Em Nat King Cole (Originals e Unlocked), uma das únicas músicas não-românticas de KEYS, Alicia cria uma obra motivacional na qual encoraja o destinatário a ter uma atitude confiante. Na composição, ela faz cria uma relação com o comportamento do cantor afro-americano icônico dos anos 20, Nat King Cole. A artista demonstra conhecer e admirar a autoconfiança e criatividade do cantor e instiga o ouvinte a ser como ele, não se escondendo ou se acomodando em clichês, mas sim tendo coragem para criar coisas novas. A faixa está muito relacionada ao conceito geral do álbum, que destaca a importância de expressar cada versão de si mesmo. Na visão de Alicia, essa é a única forma de se destacar e tentar “ser inesquecível”, fazendo referência a mais famosa canção de Cole, Unforgettable. A versão Unlocked é ainda mais instigante e calorosa, trazendo a participação de Lil Wayne no primeiro verso.
Entre essas e outras peças da obra, Alicia canta sobre o amor, a solidão, o desejo e a ousadia. Em sua proposta de apresentar seu próprio mundo, ela demonstra ser uma mulher com emoções confusas e misturadas. Mas seus sentimentos são simplesmente humanos, e são capazes de fazer qualquer um se identificar.
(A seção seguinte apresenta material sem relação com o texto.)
(* For any group $A$, the assignment $q\mapsto\mathrm{Ker}(q)$ induces a bijection $$\bigsqcup_{B<A}\mathsf{Desc}^1(\mathsf T^l_{\imath_B},(B,m_B))\;\cong\;\mathsf{Fac}(A),$$ where $B$ ranges over proper subgroups of $A$ and $\imath_B:B\hookrightarrow A$ is the inclusion.
   Context: For a subgroup $B$ of $A$ with inclusion $\imath_B$, $\mathcal Z^1(\mathsf T^l_{\imath_B},(B,m_B))$ is identified with the set of maps $q:A\to B$ satisfying (ZL1) $q(1_A)=1_A$; (ZL2) $q(ba)=b\,q(a)$ for all $a\in A,b\in B$; (ZL3) $q(aa')=q(a\,q(a'))$ for all $a,a'\in A$ (exactly the algebra structures on the left $B$-set $B$ for the monad $A\otimes_B-$). $\mathsf{Desc}^1(\mathsf T^l_{\imath_B},(B,m_B))$ is its quotient by the relation $q\sim q'$ iff there is $b_0\in B$ with $q(a)b_0=q'(ab_0)$ for all $a\in A$ (isomorphism of the corresponding algebras). $\mathrm{Ker}(q)=\{a:q(a)=1_A\}$. $\mathsf{FAC}(A)$ is the set of pairs $(B,X)$ with $B$ a proper subgroup of $A$, $X$ a subgroup of $A$, $B\cap X=\{1_A\}$, $BX=A$; $\mathsf{Fac}(A)$ is its quotient by the equivalence $(B,X)\cong(B',X')$ iff $B=B'$ and $X,X'$ are conjugate in $A$. *)

Set Implicit Arguments.

Record group := Group {
  gcar :> Type;
  gmul : gcar -> gcar -> gcar;
  gone : gcar;
  ginv : gcar -> gcar;
  gmulA : forall x y z, gmul x (gmul y z) = gmul (gmul x y) z;
  gmul1 : forall x, gmul gone x = x;
  gmulV : forall x, gmul (ginv x) x = gone
}.

Section Defs.
Variable A : group.
Local Notation "x * y" := (gmul A x y).
Local Notation "1" := (gone A).

Definition same_set (S T : A -> Prop) : Prop := forall x, S x <-> T x.

Definition subgroup (S : A -> Prop) : Prop :=
  S 1 /\ (forall x y, S x -> S y -> S (x * y)) /\ (forall x, S x -> S (ginv A x)).

Definition proper_subgroup (S : A -> Prop) : Prop :=
  subgroup S /\ exists a, ~ S a.

(* Z^1(T^l_{i_B}, (B, m_B)) : maps q : A -> B satisfying (ZL1)-(ZL3). *)
Definition ZL (B : A -> Prop) (q : A -> A) : Prop :=
  (forall a, B (q a)) /\
  q 1 = 1 /\
  (forall a b, B b -> q (b * a) = b * q a) /\
  (forall a a', q (a * a') = q (a * q a')).

Definition desc_rel (B : A -> Prop) (q q' : A -> A) : Prop :=
  exists b0, B b0 /\ forall a, q a * b0 = q' (a * b0).

Definition Ker (q : A -> A) : A -> Prop := fun a => q a = 1.

Definition FAC (B X : A -> Prop) : Prop :=
  proper_subgroup B /\ subgroup X /\
  (forall a, B a -> X a -> a = 1) /\
  (forall a, exists b x, B b /\ X x /\ a = b * x).

Definition conjugate (X X' : A -> Prop) : Prop :=
  exists g, forall x, X' x <-> X (ginv A g * x * g).

(* the equivalence defining Fac(A) = FAC(A)/~ *)
Definition fac_equiv (B X B' X' : A -> Prop) : Prop :=
  same_set B B' /\ conjugate X X'.

(* elements of the disjoint union over proper subgroups B of Z^1(T^l_{i_B},(B,m_B)) *)
Record DescElt := MkDescElt {
  dB : A -> Prop;
  dq : A -> A;
  dB_proper : proper_subgroup dB;
  dq_ZL : ZL dB dq
}.

(* the equivalence whose quotient is the disjoint union of the Desc^1 sets:
   same index B, and q ~ q' in Desc^1 *)
Definition desc_equiv (d d' : DescElt) : Prop :=
  same_set (dB d) (dB d') /\ desc_rel (dB d) (dq d) (dq d').

(* "q |-> Ker q" (i.e. (B,[q]) |-> [(B, Ker q)]) induces a well-defined
   bijection  (disjoint union of Desc^1) -> Fac(A):
   it lands in FAC, respects the equivalences, reflects them (injective),
   and hits every class (surjective). *)
Definition ker_induces_bijection : Prop :=
  (forall d : DescElt, FAC (dB d) (Ker (dq d))) /\
  (forall d d' : DescElt, desc_equiv d d' ->
      fac_equiv (dB d) (Ker (dq d)) (dB d') (Ker (dq d'))) /\
  (forall d d' : DescElt,
      fac_equiv (dB d) (Ker (dq d)) (dB d') (Ker (dq d')) -> desc_equiv d d') /\
  (forall B X, FAC B X ->
      exists d : DescElt, fac_equiv (dB d) (Ker (dq d)) B X).

End Defs.

(* A cocycle q : A -> B is a B-equivariant retraction of A onto B (ZL2 with a := 1 gives
   q b = b), so every a factors as a = q a * (q a)^-1 a with the second factor in Ker q, and
   ZL3 makes Ker q a subgroup: this gives the exact factorization A = B (Ker q).  Conversely,
   an exact factorization A = B X determines the cocycle "left factor of a", whose kernel is
   X.  Changing q to the equivalent cocycle a |-> q (a b0^-1) b0 conjugates the kernel by
   b0, and conversely a conjugating element g = b k (b in B, k in Ker q) exhibits the
   cocycles as equivalent through b0 := b^-1. *)
From Stdlib Require Import ClassicalEpsilon.

Set Implicit Arguments.
Unset Strict Implicit.

Section GroupLaws.
Variable A : group.
Local Notation "x * y" := (gmul A x y).
Local Notation "1" := (gone A).
Local Notation inv := (ginv A).

Lemma mulgAr x y z : (x * y) * z = x * (y * z).
Proof. symmetry; apply gmulA. Qed.

Lemma mulKg x y : inv x * (x * y) = y.
Proof. rewrite gmulA, gmulV, gmul1; reflexivity. Qed.

Lemma mulgI x y z : x * y = x * z -> y = z.
Proof. intro E; rewrite <- (mulKg x y), <- (mulKg x z), E; reflexivity. Qed.
Arguments mulgI x {y z}.

Lemma mulgV x : x * inv x = 1.
Proof.
  (* x * x^-1 is idempotent, and the only idempotent of a group is 1. *)
  set (e := x * inv x).
  assert (He : e * e = e) by (unfold e; rewrite mulgAr, mulKg; reflexivity).
  rewrite <- (mulKg e e), He; apply gmulV.
Qed.

Lemma mulg1 x : x * 1 = x.
Proof. rewrite <- (gmulV A x), gmulA, mulgV, gmul1; reflexivity. Qed.

Lemma mulKVg x y : x * (inv x * y) = y.
Proof. rewrite gmulA, mulgV, gmul1; reflexivity. Qed.

Lemma invgK x : inv (inv x) = x.
Proof. apply (mulgI (inv x)); rewrite mulgV, gmulV; reflexivity. Qed.

Lemma invMg x y : inv (x * y) = inv y * inv x.
Proof. apply (mulgI (x * y)); rewrite mulgV, mulgAr, mulKVg, mulgV; reflexivity. Qed.

Lemma invg1 : inv 1 = 1.
Proof. rewrite <- (mulg1 (inv 1)); apply gmulV. Qed.

Lemma mulg_eq1C x y : x * y = 1 -> y * x = 1.
Proof.
  intro E; apply (mulgI x); rewrite <- mulgAr, E, gmul1, mulg1; reflexivity.
Qed.

Lemma subgroup1 (S : A -> Prop) : subgroup A S -> S 1.
Proof. intros [H1 _]; exact H1. Qed.

Lemma subgroupM (S : A -> Prop) x y : subgroup A S -> S x -> S y -> S (x * y).
Proof. intros (_ & HM & _); apply HM. Qed.

Lemma subgroupV (S : A -> Prop) x : subgroup A S -> S x -> S (inv x).
Proof. intros (_ & _ & HV); apply HV. Qed.

End GroupLaws.

Arguments mulgI {A} x {y z}.

#[global] Hint Rewrite mulgAr mulKg mulKVg mulgV gmulV gmul1 mulg1 invgK invMg invg1 : group_simpl.
Ltac group_simpl := autorewrite with group_simpl in *.

Section Cocycles.
Variable A : group.
Local Notation "x * y" := (gmul A x y).
Local Notation "1" := (gone A).
Local Notation inv := (ginv A).

Lemma ZL_same_set (B B' : A -> Prop) q : same_set A B B' -> ZL A B' q -> ZL A B q.
Proof.
  intros EB (HqB & Hq1 & HqM & HqK); repeat split; auto.
  - intro a; apply EB; auto.
  - intros a b Hb; apply HqM, EB, Hb.
Qed.

Variables (B : A -> Prop) (q : A -> A).
Hypotheses (HB : subgroup A B) (Hq : ZL A B q).

Lemma ZL_fix b : B b -> q b = b.
Proof.
  destruct Hq as (_ & Hq1 & HqM & _); intro Hb.
  rewrite <- (mulg1 b) at 1; rewrite HqM, Hq1, mulg1 by exact Hb; reflexivity.
Qed.

Lemma Ker_subgroup : subgroup A (Ker A q).
Proof.
  destruct Hq as (_ & Hq1 & _ & HqK); unfold Ker; repeat split.
  - exact Hq1.
  - intros x y Hx Hy; rewrite HqK, Hy, mulg1; exact Hx.
  - intros x Hx; transitivity (q (inv x * q x)); [rewrite Hx, mulg1; reflexivity |].
    rewrite <- HqK, gmulV; exact Hq1.
Qed.

Lemma Ker_meet a : B a -> Ker A q a -> a = 1.
Proof. intros Ha Hk; unfold Ker in Hk; rewrite ZL_fix in Hk; assumption. Qed.

Lemma Ker_cofactor a : Ker A q (inv (q a) * a).
Proof.
  destruct Hq as (HqB & _ & HqM & _); unfold Ker.
  rewrite HqM by exact (subgroupV HB (HqB a)); apply gmulV.
Qed.

Lemma desc_rel_conjugate_Ker q' : desc_rel A B q q' -> conjugate A (Ker A q) (Ker A q').
Proof.
  destruct Hq as (_ & _ & HqM & _); intros (b0 & Hb0 & Eq).
  exists (inv b0); intro x; unfold Ker; group_simpl.
  assert (Ex : q' x = q (x * inv b0) * b0) by (rewrite Eq; group_simpl; reflexivity).
  rewrite Ex, (HqM _ b0) by exact Hb0; split; apply mulg_eq1C.
Qed.

Lemma conjugate_Ker_desc_rel q' :
  ZL A B q' -> conjugate A (Ker A q) (Ker A q') -> desc_rel A B q q'.
Proof.
  intros (_ & _ & HqM' & _) [g Hg].
  pose proof Hq as (HqB & _ & _ & _).
  (* write g = b k with b in B and k in Ker q, and take b0 := b^-1 *)
  set (b := q g); set (k := inv b * g).
  assert (Eg : g = b * k) by (unfold k; group_simpl; reflexivity).
  exists (inv b); split; [exact (subgroupV HB (HqB g)) |]; intro a.
  set (y := inv (q a) * a).
  assert (Ea : a * inv b = (q a * inv b) * (b * y * inv b))
    by (unfold y; group_simpl; reflexivity).
  assert (Hk : Ker A q' (b * y * inv b)).
  { apply Hg; rewrite Eg; group_simpl.
    apply (subgroupM Ker_subgroup); [exact (subgroupV Ker_subgroup (Ker_cofactor g)) |].
    apply (subgroupM Ker_subgroup); [exact (Ker_cofactor a) | exact (Ker_cofactor g)]. }
  rewrite Ea, HqM', Hk, mulg1; [reflexivity |].
  exact (subgroupM HB (HqB a) (subgroupV HB (HqB g))).
Qed.

End Cocycles.

Lemma ker_FAC (A : group) (B : A -> Prop) q :
  proper_subgroup A B -> ZL A B q -> FAC A B (Ker A q).
Proof.
  intros HP Hq; pose proof HP as [HB _]; pose proof Hq as (HqB & _).
  split; [exact HP | split; [exact (Ker_subgroup Hq) | split; [exact (Ker_meet Hq) |]]].
  intro a; exists (q a), (gmul A (ginv A (q a)) a); split; [apply HqB | split].
  - exact (Ker_cofactor HB Hq a).
  - group_simpl; reflexivity.
Qed.

Section ExactFactorization.
Variable A : group.
Local Notation "x * y" := (gmul A x y).
Local Notation "1" := (gone A).
Local Notation inv := (ginv A).

Definition left_factor (B X : A -> Prop) (a : A) : A :=
  epsilon (inhabits 1) (fun b => B b /\ exists x, X x /\ a = b * x).

Variables B X : A -> Prop.
Hypotheses (HB : subgroup A B) (HX : subgroup A X).
Hypothesis HBX : forall a, B a -> X a -> a = 1.
Hypothesis HBX_cover : forall a, exists b x, B b /\ X x /\ a = b * x.

Lemma left_factor_spec a :
  B (left_factor B X a) /\ exists x, X x /\ a = left_factor B X a * x.
Proof.
  apply (epsilon_spec (inhabits 1) (fun b => B b /\ exists x, X x /\ a = b * x)).
  destruct (HBX_cover a) as (b & x & Hb & Hx & E); eauto.
Qed.

Lemma factorization_unique b x b' x' :
  B b -> X x -> B b' -> X x' -> b * x = b' * x' -> b = b'.
Proof.
  intros Hb Hx Hb' Hx' E.
  assert (Ec : inv b' * b = x' * inv x).
  { apply (mulgI b'); apply (f_equal (fun z => z * inv x)) in E.
    group_simpl; exact E. }
  assert (H1 : inv b' * b = 1).
  { apply HBX; [exact (subgroupM HB (subgroupV HB Hb') Hb) |].
    rewrite Ec; exact (subgroupM HX Hx' (subgroupV HX Hx)). }
  rewrite <- (mulKVg b' b), H1, mulg1; reflexivity.
Qed.

Lemma left_factor_eq a b x : B b -> X x -> a = b * x -> left_factor B X a = b.
Proof.
  intros Hb Hx Ea; destruct (left_factor_spec a) as (Hl & x' & Hx' & Ea').
  apply (factorization_unique Hl Hx' Hb Hx); rewrite <- Ea', <- Ea; reflexivity.
Qed.

Lemma left_factor_ZL : ZL A B (left_factor B X).
Proof.
  repeat split.
  - intro a; apply left_factor_spec.
  - apply (left_factor_eq (subgroup1 HB) (subgroup1 HX)); group_simpl; reflexivity.
  - intros a b Hb; destruct (left_factor_spec a) as (Ha & x & Hx & Ea).
    apply (left_factor_eq (subgroupM HB Hb Ha) Hx); rewrite Ea at 1; group_simpl; reflexivity.
  - intros a a'; destruct (left_factor_spec a') as (_ & x & Hx & Ea').
    destruct (left_factor_spec (a * left_factor B X a')) as (Hc & y & Hy & Ec).
    apply (left_factor_eq Hc (subgroupM HX Hy Hx)).
    rewrite Ea' at 1; rewrite <- mulgAr, Ec at 1; group_simpl; reflexivity.
Qed.

Lemma Ker_left_factor x : Ker A (left_factor B X) x <-> X x.
Proof.
  unfold Ker; split; intro H.
  - destruct (left_factor_spec x) as (_ & x' & Hx' & Ex).
    rewrite H, gmul1 in Ex; rewrite Ex; exact Hx'.
  - apply (left_factor_eq (subgroup1 HB) H); group_simpl; reflexivity.
Qed.

End ExactFactorization.

Theorem theorem4p9 : forall A : group, ker_induces_bijection A.
Proof.
  intro A; split; [| split; [| split]].
  - intros [B q HP Hq]; exact (ker_FAC HP Hq).
  - intros [B q HP Hq] d' [EB Hrel]; simpl in *.
    split; [exact EB | exact (desc_rel_conjugate_Ker Hq Hrel)].
  - intros [B q HP Hq] [B' q' HP' Hq'] [EB Hconj]; simpl in *.
    pose proof HP as [HB _]; split; [exact EB |].
    exact (conjugate_Ker_desc_rel HB Hq (ZL_same_set EB Hq') Hconj).
  - intros B X (HP & HX & HBX & Hcover); pose proof HP as [HB _].
    exists (MkDescElt HP (left_factor_ZL HB HX HBX Hcover)); simpl.
    split; [intro; tauto |].
    exists (gone A); intro x; group_simpl.
    symmetry; exact (Ker_left_factor HB HX HBX Hcover x).
Qed.
Lemma peak_posE m (s : 'S_m) i : is_peak_pos s i = peak_at (word_of s) i.
Proof. by rewrite /peak_at size_word_of. Qed.

Lemma ddes_posE m (s : 'S_m) i : is_ddes_pos s i = ddes_at (word_of s) i.
Proof. by rewrite /ddes_at size_word_of. Qed.

Lemma value_set_eq m (s : 'S_m) (P : pred nat) (V : {set 'I_m.+1}) :
  (forall y, y \in V -> 0 < val y) -> (forall j : 'I_m, P j.+1 = natset V (s j).+1) ->
  [set x : 'I_m.+1 | [exists i : 'I_m, P i.+1 && (sv s i.+1 == x)]] = V.
Proof.
move=> V0 hP; apply/setP => y; rewrite inE; apply/existsP/idP.
  by case=> j /andP[]; rewrite hP svE letter_word_of => hj /eqP hy; rewrite -natset_val -hy.
move=> yV; have ym : y.-1 < m by rewrite -ltnS prednK ?V0.
exists ((s^-1)%g (Ordinal ym)); rewrite hP svE letter_word_of permKV /= prednK ?V0 //.
by rewrite natset_val yV eqxx.
Qed.

Section ArtAsDoubleSum.
Local Open Scope ring_scope.

Lemma natz_sum (I : finType) (F : I -> nat) : ((\sum_i F i)%N)%:Z = \sum_i (F i)%:Z.
Proof. by rewrite -natz natr_sum; apply: eq_bigr => i _; rewrite natz. Qed.

Definition larger_right (t : seq nat) (i : nat) : nat :=
  (\sum_(0 <= j < size t) ((i < j) && (nth 0 t i < nth 0 t j)))%N.

Lemma count_as_sum (p : pred nat) s : count p s = (\sum_(0 <= j < size s) p (nth 0 s j))%N.
Proof. by elim: s => [|x s IH]; [rewrite big_geq | rewrite /= big_nat_recl // IH]. Qed.

Lemma art_word_sum (w b : pred nat) t :
  art_word w b t = \sum_(0 <= i < size t) weight w b (nth 0 t i) * (larger_right t i)%:Z.
Proof.
elim: t => [|x u IH]; first by rewrite big_geq.
rewrite art_word_cons IH /= big_nat_recl //; congr (_ * _ + _).
  by rewrite /larger_right /= big_nat_recl //= add0n count_as_sum.
by apply: eq_bigr => i _; rewrite /larger_right /= big_nat_recl.
Qed.

End ArtAsDoubleSum.

Section AdmissibleSets.
Variables (n : nat) (W B : {set 'I_(n.*2.+2)}).
Hypothesis hA : admissible W B.

Lemma admissible_facts :
  [/\ forall x, natset W x -> ~~ natset B x, forall y, y \in W -> odd y,
      forall y, y \in B -> odd y, #|B| = #|W|.+1 & (ord_max : 'I_(n.*2.+2)) \in B].
Proof.
case/and5P: hA => hd /forallP ho /eqP hc hm _; split => //.
- by move=> x /natsetP[y hy <-]; rewrite natset_val (disjointFr hd hy).
- by move=> y hy; have := ho y; rewrite inE hy.
- by move=> y hy; have := ho y; rewrite inE hy orbT.
Qed.

Lemma odd_set_pos (V : {set 'I_(n.*2.+2)}) : (forall y, y \in V -> odd y) ->
  forall y, y \in V -> 0 < val y.
Proof. by move=> oV y /oV; apply: odd_gt0. Qed.

Lemma count_natset_perm (V : {set 'I_(n.*2.+2)}) t : (forall y, y \in V -> odd y) ->
  perm_eq t (iota 1 n.*2.+1) -> count (natset V) t = #|V|.
Proof.
move=> oV pt; rewrite (seq.permP pt) count_natset_iota //; last exact: odd_set_pos.
by apply: eq_card => x; rewrite inE ltn_ord andbT.
Qed.

(* Since #B = #W + 1, every compatible word coloured by (W, B) is saturated. *)
Lemma word_saturated (s : 'S_(n.*2.+1)) : compatible (natset W) (natset B) (word_of s) ->
  forall k, k <= size (word_of s) -> ~~ gap_ok (natset W) (natset B) (word_of s) k.
Proof.
case: admissible_facts => wb oW oB cB _ ct; apply: no_free_gap => //.
by rewrite !count_natset_perm ?perm_word_of // cB addn1.
Qed.

Lemma word_shape (s : 'S_(n.*2.+1)) : compatible (natset W) (natset B) (word_of s) ->
  let t := word_of s in
  [/\ forall i, 0 < i -> i <= size t -> valley_at t i = natset W (letter t i),
      forall i, 0 < i -> i <= size t -> peak_at t i = natset B (letter t i),
      forall i, ~~ ddes_at t i,
      forall i, 0 < i -> i < size t -> letter t i.+1 < letter t i ->
        natset B (letter t i) && natset W (letter t i.+1)
    & natset B (letter t (size t))].
Proof.
case: admissible_facts => wb _ _ _ _ ct; apply: saturated_shape => //.
- exact: uniq_word_of.
- exact: word_of_pos.
- by rewrite size_word_of.
exact: word_saturated.
Qed.

Lemma hatA_compatible (s : 'S_(n.*2.+1)) :
  hatA W B s -> compatible (natset W) (natset B) (word_of s).
Proof.
case/and3P => [/and3P[_ /forallP hD _] /eqP hV /eqP hP].
have st : size (word_of s) = n.*2.+1 by rewrite size_word_of.
apply: shape_compatible; [exact: uniq_word_of | exact: word_of_pos | | |].
- move=> i hv; have := hv; rewrite /valley_at => /and4P[i0 im _ _].
  case: i i0 im hv => // i _; rewrite st => im hv.
  have xl : letter (word_of s) i.+1 < n.*2.+2 by rewrite (letter_word_of s (Ordinal im)) ltnS ltn_ord.
  rewrite (_ : letter _ _ = Ordinal xl) // natset_val -hV inE; apply/existsP.
  by exists (Ordinal im); rewrite valley_posE hv eqxx.
- move=> i i0 im /natsetP[y]; rewrite -hP inE => /existsP[j /andP[hpk /eqP hy]] e.
  rewrite peak_posE in hpk.
  have jt : j.+1 <= size (word_of s) by rewrite st ltn_ord.
  have ji : j.+1 = i by apply: (letter_inj (uniq_word_of s) (ltn0Sn j) jt i0 im); rewrite -svE hy e.
  by rewrite -ji.
move=> i; rewrite -ddes_posE; apply/negP => hd.
have := hd; rewrite /is_ddes_pos => /and4P[i0 im _ _].
case: i i0 im hd => // i _ im hd.
by move/negP: (hD (Ordinal im)).
Qed.

Lemma compatible_hatA (s : 'S_(n.*2.+1)) :
  compatible (natset W) (natset B) (word_of s) -> hatA W B s.
Proof.
move=> ct; case: (word_shape ct); rewrite size_word_of => hV hP hD hdes hlast.
case: admissible_facts => _ oW oB _ _.
have odd_letter : forall v, natset W v || natset B v -> odd v.
  by move=> v /orP[] /natsetP[y hy <-]; [apply: oW | apply: oB].
apply/and3P; split.
- apply/and3P; split.
  + apply/andP; split; last by rewrite odd_letter // hlast orbT.
    apply/forallP => i; apply/implyP => hi; apply/implyP => hlt.
    have /andP[h1 h2] := hdes i.+1 (ltn0Sn i) hi hlt.
    by rewrite !odd_letter // ?h1 ?h2 ?orbT.
  + by apply/forallP => i; rewrite ddes_posE.
  + by have := hP _ (ltn0Sn _) (leqnn _); rewrite hlast /peak_at => /and4P[_ _ h _].
- apply/eqP/value_set_eq; first exact: odd_set_pos.
  by move=> j; rewrite valley_posE hV ?ltn_ord ?letter_word_of.
apply/eqP/value_set_eq; first exact: odd_set_pos.
by move=> j; rewrite peak_posE hP ?ltn_ord ?letter_word_of.
Qed.

(* On \hat A, the art of sigma is the art of its word (exchange of summations). *)
Lemma art_word_of (s : 'S_(n.*2.+1)) : compatible (natset W) (natset B) (word_of s) ->
  art s = art_word (natset W) (natset B) (word_of s).
Proof.
move=> ct; case: (word_shape ct); rewrite size_word_of => hV hP _ _ _.
have E : forall y : 'I_(n.*2.+1), ((vcount s y)%:Z - (pcount s y)%:Z)%R =
    (\sum_(j : 'I_(n.*2.+1)) weight (natset W) (natset B) (s j).+1 *
       (((s j < y) && (j < (s^-1)%g y))%N : nat)%:Z)%R.
  move=> y; rewrite /vcount /pcount !card_set_sum !natz_sum -sumrB; apply: eq_bigr => j _.
  rewrite valley_posE peak_posE hV ?hP ?ltn_ord // letter_word_of /weight.
  by case: (natset W _); case: (natset B _); case: (_ < _)%N; case: (_ < _)%N.
rewrite art_word_sum size_word_of big_mkord /art (eq_bigr _ (fun y _ => E y)) exchange_big /=.
apply: eq_bigr => j _; rewrite -mulr_sumr nth_word_of; congr (_ * _)%R.
rewrite /larger_right size_word_of big_mkord natz_sum (reindex_inj (@perm_inj _ s)) /=.
by apply: eq_bigr => k _; rewrite permK !nth_word_of ltnS andbC.
Qed.

Lemma hatA_iff (s : 'S_(n.*2.+1)) : hatA W B s = compatible (natset W) (natset B) (word_of s).
Proof. by apply/idP/idP; [exact: hatA_compatible | exact: compatible_hatA]. Qed.

Lemma count_iota_avec j : j < n.*2.+2 ->
  count (natset W) (iota 1 j) + 1 - count (natset B) (iota 1 j) = avec W B j.+1.
Proof.
case: admissible_facts => _ oW oB _ _ jN.
by rewrite /avec !count_natset_iota ?addn1 //; exact: odd_set_pos.
Qed.

(* The last letter 2n+1 contributes the factor [a(2n+1)]_q = [1]_q = 1. *)
Lemma avec_last : avec W B n.*2.+1 = 1.
Proof.
rewrite /avec; case: admissible_facts => _ _ _ cB mB; have hd : [disjoint W & B] by case/and5P: hA.
have below_max : forall x : 'I_(n.*2.+2), (x < n.*2.+1) = (x != ord_max).
  by move=> x; rewrite -(inj_eq val_inj) /= ltn_neqAle -ltnS ltn_ord andbT.
have -> : [set x in W | x < n.*2.+1] = W.
  apply/setP => x; rewrite !inE below_max andb_idr //; apply: contraL => /eqP ->.
  by rewrite (disjointFl hd mB).
have -> : [set x in B | x < n.*2.+1] = B :\ ord_max.
  by apply/setP => x; rewrite !inE below_max andbC.
by have := cardsD1 ord_max B; rewrite mB cB add1n => -[<-]; rewrite subSnn.
Qed.

End AdmissibleSets.

Unset Implicit Arguments.
Local Open Scope ring_scope.

Theorem mainTheorem7 (n : nat) (W B : {set 'I_(n.*2.+2)})
  (hn : (1 <= n)%N) (hA : admissible W B)
  (R : fieldType) (q : R) (hq : q != 0) :
  \sum_(s : 'S_(n.*2.+1) | hatA W B s) q ^ (art s)
  = \prod_(1 <= i < n.*2.+1) qint q (avec W B i).
Proof.
case: (admissible_facts hA) => wb _ _ _ _.
rewrite (eq_bigl (fun s => compatible (natset W) (natset B) (word_of s))); last first.
  by move=> s; rewrite hatA_iff.
rewrite (eq_bigr (fun s => q ^ art_word (natset W) (natset B) (word_of s))); last first.
  by move=> s ct; rewrite (art_word_of hA).
rewrite (sum_perm_words n.*2.+1 (fun t => compatible (natset W) (natset B) t)
                        (fun t => q ^ art_word (natset W) (natset B) t)).
rewrite -[LHS]big_filter sum_words // big_nat_recr //= (count_iota_avec hA) //.
rewrite (avec_last hA) /qint big_ord1 expr0 mulr1 big_add1 /=.
by apply: eq_big_nat => j /andP[_ hj]; rewrite (count_iota_avec hA) //; lia.
Qed.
Nas diferentes versões das músicas, em que ela usa uma quantidade grande de acordes, instrumentos e deixa sua voz livre para se expressar de diversas maneiras, Alicia expõe um lindo e improvisado jazz, e reafirma sua capacidade de se reinventar e de tornar cada criação única.
Foi na junção da essência de suas músicas clássicas, com a originalidade de suas novas formas de expressão, que KEYS nasceu. O álbum alcança uma diversidade de pessoas: aquela que encontra serenidade e compreensão nas letras profundas de Alicia, a que se delicia em suas melodias no piano, a que precisa de encorajamento para o dia a dia, ou até a que busca por canções eletrizantes para se divertir. A paixão e sinceridade reveladas em KEYS levam o ouvinte a uma nova dimensão, mas também reacendem a chama dos que foram conquistados pela voz arrebatadora de uma jovem nova-iorquina apaixonada nos início dos anos 2000. Agora como artista independente, o futuro de Alicia Keys é incerto. Contudo, podemos ter certeza de que mesmo com duas décadas recheadas de projetos e prêmios, a cantora ainda tem muito de si a mostrar ao mundo, talvez mais do que achávamos.